Stored data:
###

(* (i) If $A$ and $B$ are approximately semi-amenable Banach algebras, then $A\oplus B$ is approximately semi-amenable. (ii) If $A$ and $B$ are boundedly approximately semi-amenable (respectively, boundedly approximately semi-contractible) Banach algebras, and each of $A$ and $B$ has a central multiplier-bounded approximate identity, then $A\oplus B$ is boundedly approximately semi-amenable (respectively, boundedly approximately semi-contractible).
   Context: $A\oplus B$ is the direct sum Banach algebra with coordinatewise operations and norm, e.g., $\|(a,b)\|=\|a\|+\|b\|$. A central multiplier-bounded approximate identity of $A$ is a net $(e_\alpha)$ in the centre of $A$ with $e_\alpha a\to a$ for all $a\in A$ and a constant $M$ with $\|e_\alpha a\|\le M\|a\|$ for all $\alpha$ and $a$. For a Banach algebra $C$ and Banach $C$-bimodule $Y$, a derivation is a linear $D:C\to Y$ with $D(ab)=a\cdot D(b)+D(a)\cdot b$; for $\xi,\eta\in Y$, $\mathrm{ad}_{\xi,\eta}(a)=a\cdot\xi-\eta\cdot a$. A continuous derivation $D:C\to Y$ is approximately semi-inner if there are nets $(\xi_i),(\eta_i)$ in $Y$ with $D(a)=\lim_i\mathrm{ad}_{\xi_i,\eta_i}(a)$ in norm for all $a\in C$, and boundedly approximately semi-inner if in addition $\sup_i\|\mathrm{ad}_{\xi_i,\eta_i}\|<\infty$. $C$ is approximately semi-amenable (resp. boundedly approximately semi-amenable) if for every Banach $C$-bimodule $X$ every continuous derivation $C\to X^*$ is approximately semi-inner (resp. boundedly approximately semi-inner), where $X^*$ has the dual module structure $\langle a\cdot f,x\rangle=\langle f,x\cdot a\rangle$, $\langle f\cdot a,x\rangle=\langle f,a\cdot x\rangle$; $C$ is boundedly approximately semi-contractible if for every Banach $C$-bimodule $Y$ every continuous derivation $C\to Y$ is boundedly approximately semi-inner. *)

From mathcomp Require Import all_boot all_algebra.
From mathcomp Require Import reals complex.
Import GRing.Theory Num.Theory.
Set Implicit Arguments.
Unset Strict Implicit.
Unset Printing Implicit Defensive.
Local Open Scope ring_scope.
Local Open Scope complex_scope.

Definition directed (I : Type) (le : I -> I -> Prop) : Prop :=
  [/\ inhabited I, (forall i, le i i),
      (forall i j k, le i j -> le j k -> le i k) &
      (forall i j, exists k, le i k /\ le j k)].

Definition is_norm (R : realType) (V : lmodType R[i]) (nrm : V -> R) : Prop :=
  [/\ (forall x, 0 <= nrm x), (forall x, nrm x = 0 -> x = 0),
      (forall x y, nrm (x + y) <= nrm x + nrm y) &
      (forall (k : R[i]) x, (nrm (k *: x))%:C = `|k| * (nrm x)%:C)].

Definition complete_norm (R : realType) (V : lmodType R[i]) (nrm : V -> R) : Prop :=
  forall u : nat -> V,
    (forall e : R, 0 < e -> exists N : nat, forall m n : nat,
        (N <= m)%N -> (N <= n)%N -> nrm (u m - u n) < e) ->
    exists l : V, forall e : R, 0 < e -> exists N : nat, forall n : nat,
        (N <= n)%N -> nrm (u n - l) < e.

Definition banach_space (R : realType) (V : lmodType R[i]) (nrm : V -> R) : Prop :=
  is_norm nrm /\ complete_norm nrm.

Definition banach_algebra (R : realType) (A : lmodType R[i])
    (mul : A -> A -> A) (nrm : A -> R) : Prop :=
  [/\ banach_space nrm,
      (forall a b c, mul a (mul b c) = mul (mul a b) c),
      (forall a b c, mul (a + b) c = mul a c + mul b c) /\
      (forall a b c, mul a (b + c) = mul a b + mul a c),
      (forall (k : R[i]) a b, mul (k *: a) b = k *: mul a b) /\
      (forall (k : R[i]) a b, mul a (k *: b) = k *: mul a b) &
      (forall a b, nrm (mul a b) <= nrm a * nrm b)].

Definition dsum_mul (R : realType) (A B : lmodType R[i])
    (mulA : A -> A -> A) (mulB : B -> B -> B) : (A * B)%type -> (A * B)%type -> (A * B)%type :=
  fun p q => (mulA p.1 q.1, mulB p.2 q.2).

Definition dsum_norm (R : realType) (A B : lmodType R[i])
    (nrmA : A -> R) (nrmB : B -> R) : (A * B)%type -> R :=
  fun p => nrmA p.1 + nrmB p.2.

(* l a x = a . x ,  r x a = x . a *)
Definition banach_bimodule (R : realType) (A : lmodType R[i])
    (mul : A -> A -> A) (nrmA : A -> R)
    (Y : lmodType R[i]) (nrmY : Y -> R)
    (l : A -> Y -> Y) (r : Y -> A -> Y) : Prop :=
  [/\ banach_space nrmY,
      (forall (k : R[i]) a x y, l a (k *: x + y) = k *: l a x + l a y) /\
      (forall (k : R[i]) a b x, l (k *: a + b) x = k *: l a x + l b x),
      (forall (k : R[i]) a x y, r (k *: x + y) a = k *: r x a + r y a) /\
      (forall (k : R[i]) a b x, r x (k *: a + b) = k *: r x a + r x b),
      [/\ (forall a b x, l (mul a b) x = l a (l b x)),
          (forall a b x, r x (mul a b) = r (r x a) b) &
          (forall a b x, r (l a x) b = l a (r x b))] &
      (forall a x, nrmY (l a x) <= nrmA a * nrmY x) /\
      (forall a x, nrmY (r x a) <= nrmY x * nrmA a)].

Definition cont_derivation (R : realType) (A : lmodType R[i])
    (mul : A -> A -> A) (nrmA : A -> R)
    (Y : lmodType R[i]) (nrmY : Y -> R)
    (l : A -> Y -> Y) (r : Y -> A -> Y) (D : A -> Y) : Prop :=
  [/\ (forall (k : R[i]) a b, D (k *: a + b) = k *: D a + D b),
      (forall a b, D (mul a b) = l a (D b) + r (D a) b) &
      (exists M : R, forall a, nrmY (D a) <= M * nrmA a)].

Definition ad (R : realType) (A Y : lmodType R[i])
    (l : A -> Y -> Y) (r : Y -> A -> Y) (xi eta : Y) : A -> Y :=
  fun a => l a xi - r eta a.

Definition bdd_approx_semi_inner (R : realType) (A : lmodType R[i])
    (nrmA : A -> R) (Y : lmodType R[i]) (nrmY : Y -> R)
    (l : A -> Y -> Y) (r : Y -> A -> Y) (D : A -> Y) : Prop :=
  exists (I : Type) (le : I -> I -> Prop) (xi eta : I -> Y),
    [/\ directed le,
        (forall a, forall e : R, 0 < e -> exists i0, forall i, le i0 i ->
            nrmY (D a - ad l r (xi i) (eta i) a) < e) &
        (exists M : R, forall i a, nrmY (ad l r (xi i) (eta i) a) <= M * nrmA a)].

Definition bdd_approx_semi_contractible (R : realType) (A : lmodType R[i])
    (mul : A -> A -> A) (nrmA : A -> R) : Prop :=
  forall (Y : lmodType R[i]) (nrmY : Y -> R) (l : A -> Y -> Y) (r : Y -> A -> Y),
    banach_bimodule mul nrmA nrmY l r ->
    forall D : A -> Y, cont_derivation mul nrmA nrmY l r D ->
      bdd_approx_semi_inner nrmA nrmY l r D.

(* The dual X^* is represented by its elements: bounded linear functionals
   f : X -> C. *)
Definition in_dual (R : realType) (X : lmodType R[i]) (nrmX : X -> R)
    (f : X -> R[i]) : Prop :=
  (forall (k : R[i]) x y, f (k *: x + y) = k * f x + f y) /\
  (exists M : R, forall x, `|f x| <= (M * nrmX x)%:C).

Definition dual_norm_le (R : realType) (X : lmodType R[i]) (nrmX : X -> R)
    (f : X -> R[i]) (c : R) : Prop :=
  forall x, `|f x| <= (c * nrmX x)%:C.

Definition dual_lact (R : realType) (A X : lmodType R[i]) (r : X -> A -> X)
    (a : A) (f : X -> R[i]) : X -> R[i] := fun x => f (r x a).

Definition dual_ract (R : realType) (A X : lmodType R[i]) (l : A -> X -> X)
    (f : X -> R[i]) (a : A) : X -> R[i] := fun x => f (l a x).

Definition cont_dual_derivation (R : realType) (A : lmodType R[i])
    (mul : A -> A -> A) (nrmA : A -> R)
    (X : lmodType R[i]) (nrmX : X -> R)
    (l : A -> X -> X) (r : X -> A -> X) (D : A -> X -> R[i]) : Prop :=
  [/\ (forall a, in_dual nrmX (D a)),
      (forall (k : R[i]) a b x, D (k *: a + b) x = k * D a x + D b x),
      (forall a b x, D (mul a b) x = dual_lact r a (D b) x + dual_ract l (D a) b x) &
      (exists M : R, forall a, dual_norm_le nrmX (D a) (M * nrmA a))].

Definition dual_ad (R : realType) (A X : lmodType R[i])
    (l : A -> X -> X) (r : X -> A -> X) (xi eta : X -> R[i]) (a : A) : X -> R[i] :=
  fun x => dual_lact r a xi x - dual_ract l eta a x.

Definition dual_approx_semi_inner (R : realType) (A : lmodType R[i])
    (nrmA : A -> R) (X : lmodType R[i]) (nrmX : X -> R)
    (l : A -> X -> X) (r : X -> A -> X) (D : A -> X -> R[i]) : Prop :=
  exists (I : Type) (le : I -> I -> Prop) (xi eta : I -> X -> R[i]),
    [/\ directed le,
        (forall i, in_dual nrmX (xi i) /\ in_dual nrmX (eta i)) &
        (forall a, forall e : R, 0 < e -> exists i0, forall i, le i0 i ->
            dual_norm_le nrmX (fun x => D a x - dual_ad l r (xi i) (eta i) a x) e)].

Definition dual_bdd_approx_semi_inner (R : realType) (A : lmodType R[i])
    (nrmA : A -> R) (X : lmodType R[i]) (nrmX : X -> R)
    (l : A -> X -> X) (r : X -> A -> X) (D : A -> X -> R[i]) : Prop :=
  exists (I : Type) (le : I -> I -> Prop) (xi eta : I -> X -> R[i]),
    [/\ directed le,
        (forall i, in_dual nrmX (xi i) /\ in_dual nrmX (eta i)),
        (forall a, forall e : R, 0 < e -> exists i0, forall i, le i0 i ->
            dual_norm_le nrmX (fun x => D a x - dual_ad l r (xi i) (eta i) a x) e) &
        (exists M : R, forall i a,
            dual_norm_le nrmX (dual_ad l r (xi i) (eta i) a) (M * nrmA a))].

Definition approx_semi_amenable (R : realType) (A : lmodType R[i])
    (mul : A -> A -> A) (nrmA : A -> R) : Prop :=
  forall (X : lmodType R[i]) (nrmX : X -> R) (l : A -> X -> X) (r : X -> A -> X),
    banach_bimodule mul nrmA nrmX l r ->
    forall D : A -> X -> R[i], cont_dual_derivation mul nrmA nrmX l r D ->
      dual_approx_semi_inner nrmA nrmX l r D.

Definition bdd_approx_semi_amenable (R : realType) (A : lmodType R[i])
    (mul : A -> A -> A) (nrmA : A -> R) : Prop :=
  forall (X : lmodType R[i]) (nrmX : X -> R) (l : A -> X -> X) (r : X -> A -> X),
    banach_bimodule mul nrmA nrmX l r ->
    forall D : A -> X -> R[i], cont_dual_derivation mul nrmA nrmX l r D ->
      dual_bdd_approx_semi_inner nrmA nrmX l r D.

Definition central_mb_approx_identity (R : realType) (A : lmodType R[i])
    (mul : A -> A -> A) (nrm : A -> R) : Prop :=
  exists (I : Type) (le : I -> I -> Prop) (e : I -> A),
    [/\ directed le,
        (forall i a, mul (e i) a = mul a (e i)),
        (forall a, forall eps : R, 0 < eps -> exists i0, forall i, le i0 i ->
            nrm (mul (e i) a - a) < eps) &
        (exists M : R, forall i a, nrm (mul (e i) a) <= M * nrm a)].

(* The restriction of a derivation D on A (+) B to each summand is
   approximately semi-inner; what has to be arranged is that the functionals
   implementing it on one summand are blind to the other.  For (ii) a central
   approximate identity e of A does this: ad_{e.xi, eta.e}(c) = ad_{xi,eta}(c_1 e)
   only sees the A-component, is bounded when e is multiplier-bounded, and
   D(c_1 e) is close to D(c_1).  For (i) there is no approximate identity in A,
   but there is one in A**: approximate semi-amenability applied to the
   derivation a |-> (g |-> g a) into the dual of A* (A acting on A* through left
   multiplication only) gives F in A** with F(g.a) close to g(a).  Replacing xi by
   x |-> F(a |-> xi(x.a)) kills X.B and moves xi only slightly on X.a; the
   left-handed version comes from the opposite algebra.  Bounded approximate
   semi-amenability reduces to (ii) applied to the dual bimodule X*, which is a
   Banach bimodule for the dual norm. *)

From HB Require Import structures.
From mathcomp Require Import all_boot all_algebra reals complex.
From mathcomp Require Import all_classical topology normedtype.
From mathcomp Require Import lra ring.

Import order.Order.TTheory GRing.Theory Num.Theory numFieldNormedType.Exports.
Import ComplexField.Normc.

Set Implicit Arguments.
Unset Strict Implicit.
Unset Printing Implicit Defensive.

Local Open Scope ring_scope.
Local Open Scope complex_scope.

Section RealCompleteness.
Local Open Scope classical_set_scope.

Lemma real_cauchy_cvg (R : realType) (u : nat -> R) :
  (forall e : R, 0 < e -> exists N, forall m n,
      (N <= m)%N -> (N <= n)%N -> `|u m - u n| < e) ->
  exists l, forall e : R, 0 < e -> exists N, forall n, (N <= n)%N -> `|u n - l| < e.
Proof.
move=> u_cauchy.
have : cauchy (u @ \oo).
  apply: cauchy_exP => e e0; have [N uN] := u_cauchy e e0.
  by exists (u N), N => // n /= Nn; rewrite /ball /= uN.
move=> /cauchy_cvg /cvg_ex [l ul]; exists l => e e0.
have [N _ uNl] := (cvgrPdist_lt _ _).1 ul e e0.
by exists N => n Nn; rewrite distrC uNl.
Qed.

End RealCompleteness.

Section ComplexModulus.
Variable R : realType.
Implicit Types (z w : R[i]) (c e : R).

Lemma normc_ge0 z : 0 <= normc z.
Proof. by case: z => a b; apply: sqrtr_ge0. Qed.

Lemma normr_normc z : `|z| = (normc z : R)%:C.
Proof. by case: z => a b; rewrite normc_def. Qed.

Lemma ler_normc z c : (`|z| <= c%:C) = (normc z <= c).
Proof. by rewrite normr_normc lecR. Qed.

Lemma normcB z w : normc (z - w) <= normc z + normc w.
Proof. by rewrite -(normcN w) le_normcD. Qed.

Lemma normc_le_eps z : (forall e, 0 < e -> normc z <= e) -> z = 0.
Proof.
move=> small; apply: eq0_normc; apply/eqP; rewrite eq_le normc_ge0 andbT.
by apply/ler_addgt0Pl => e e0; rewrite addr0 small.
Qed.

Lemma normc_Re z : `|complex.Re z| <= normc z.
Proof. by case: z => a b; rewrite /= -sqrtr_sqr ler_wsqrtr // lerDl sqr_ge0. Qed.

Lemma normc_Im z : `|complex.Im z| <= normc z.
Proof. by case: z => a b; rewrite /= -sqrtr_sqr ler_wsqrtr // lerDr sqr_ge0. Qed.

###

WHAT THE TASK REQUIRES: Look above for the line holding "forall u : nat". Print it and every line after it, exactly, through the line holding "Definition dsum_mul (R".

YOUR SOLUTION:
  forall u : nat -> V,
    (forall e : R, 0 < e -> exists N : nat, forall m n : nat,
        (N <= m)%N -> (N <= n)%N -> nrm (u m - u n) < e) ->
    exists l : V, forall e : R, 0 < e -> exists N : nat, forall n : nat,
        (N <= n)%N -> nrm (u n - l) < e.

Definition banach_space (R : realType) (V : lmodType R[i]) (nrm : V -> R) : Prop :=
  is_norm nrm /\ complete_norm nrm.

Definition banach_algebra (R : realType) (A : lmodType R[i])
    (mul : A -> A -> A) (nrm : A -> R) : Prop :=
  [/\ banach_space nrm,
      (forall a b c, mul a (mul b c) = mul (mul a b) c),
      (forall a b c, mul (a + b) c = mul a c + mul b c) /\
      (forall a b c, mul a (b + c) = mul a b + mul a c),
      (forall (k : R[i]) a b, mul (k *: a) b = k *: mul a b) /\
      (forall (k : R[i]) a b, mul a (k *: b) = k *: mul a b) &
      (forall a b, nrm (mul a b) <= nrm a * nrm b)].

Definition dsum_mul (R : realType) (A B : lmodType R[i])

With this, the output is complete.